_WHAT YOU ARE ASKED TO DO:_ The lines from the start of the records through the one containing "assert (Hpos : forall" are to be transcribed exactly, and nothing else.

_Saved entries:_
Lemma ex_series_gaussian q r : 0 < q < 1 -> 0 < r ->
  ex_series (fun k => q ^ (k * (k + 1)) * r ^ k).
Proof.
  intros Hq Hr; pose proof (sqr_in_01 q Hq) as HQ.
  assert (Hpos : forall n, 0 < q ^ (n * (n + 1)) * r ^ n)
    by (intros; apply Rmult_lt_0_compat; apply pow_lt; lra).
  apply ex_series_Rabs.
  apply (ex_series_DAlembert _ 0); [lra | intros; apply Rgt_not_eq, Hpos |].
  apply (is_lim_seq_ext (fun n => r * q ^ 2 * (q ^ 2) ^ n)).
  - intros n.
    rewrite Rabs_pos_eq by (apply Rlt_le, Rdiv_lt_0_compat; apply Hpos).
    replace (q ^ (S n * (S n + 1))) with (q ^ (n * (n + 1)) * (q ^ 2) ^ S n)
      by (rewrite <- pow_mult, <- pow_add; f_equal; lia).
    pose proof (Hpos n).
    assert (q ^ (n * (n + 1)) <> 0) by (apply pow_nonzero; lra).
    assert (r ^ n <> 0) by (apply pow_nonzero; lra).
    simpl; field; auto.
  - replace 0 with (r * q ^ 2 * 0) by ring.
    apply (is_lim_seq_scal_l _ (r * q ^ 2) 0), is_lim_seq_geom.
    rewrite Rabs_pos_eq; lra.
Qed.

Lemma ex_series_Rabs_qJ_coef q mu y : 0 < q < 1 -> -1 < mu ->
  ex_series (fun k => Rabs (qJ_coef q mu k * y ^ k)).
Proof.
  intros Hq Hmu; pose proof (sqr_in_01 q Hq) as HQ.
  set (r := Rabs y / (1 - q ^ 2) + 1).
  assert (0 <= Rabs y / (1 - q ^ 2))
    by (apply Rmult_le_pos; [apply Rabs_pos | left; apply Rinv_0_lt_compat; lra]).
  apply (@ex_series_le R_AbsRing R_CompleteNormedModule _ (fun k => q ^ (k * (k + 1)) * r ^ k));
    [| apply ex_series_gaussian; unfold r; lra].
  intros k; change norm with Rabs; simpl.
  rewrite Rabs_Rabsolu, Rabs_mult, <- RPow_abs.
  eapply Rle_trans; [apply Rmult_le_compat_r; [apply pow_le, Rabs_pos | apply Rabs_qJ_coef_le; auto]|].
  assert (0 < (1 - q ^ 2) ^ k) by (apply pow_lt; lra).
  replace (q ^ (k * (k + 1)) / (1 - q ^ 2) ^ k * Rabs y ^ k)
    with (q ^ (k * (k + 1)) * (Rabs y / (1 - q ^ 2)) ^ k)
    by (unfold Rdiv; rewrite Rpow_mult_distr, pow_inv; field; lra).
  apply Rmult_le_compat_l; [apply pow_le; lra|].
  apply pow_incr; unfold r; lra.
Qed.

Lemma CV_radius_qJ_coef q mu x : 0 < q < 1 -> -1 < mu ->
  Rbar_lt (Rabs x) (CV_radius (qJ_coef q mu)).
Proof.
  intros Hq Hmu.
  assert (H : Rbar_le (Rabs x + 1) (CV_radius (qJ_coef q mu))).
  { apply (proj1 (Lub_Rbar_correct (CV_disk (qJ_coef q mu)))).
    apply ex_series_Rabs_qJ_coef; auto. }
  destruct (CV_radius (qJ_coef q mu)); simpl in *; auto; lra.
Qed.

_PROBLEM SOLUTION:_
Lemma ex_series_gaussian q r : 0 < q < 1 -> 0 < r ->
  ex_series (fun k => q ^ (k * (k + 1)) * r ^ k).
Proof.
  intros Hq Hr; pose proof (sqr_in_01 q Hq) as HQ.
  assert (Hpos : forall n, 0 < q ^ (n * (n + 1)) * r ^ n)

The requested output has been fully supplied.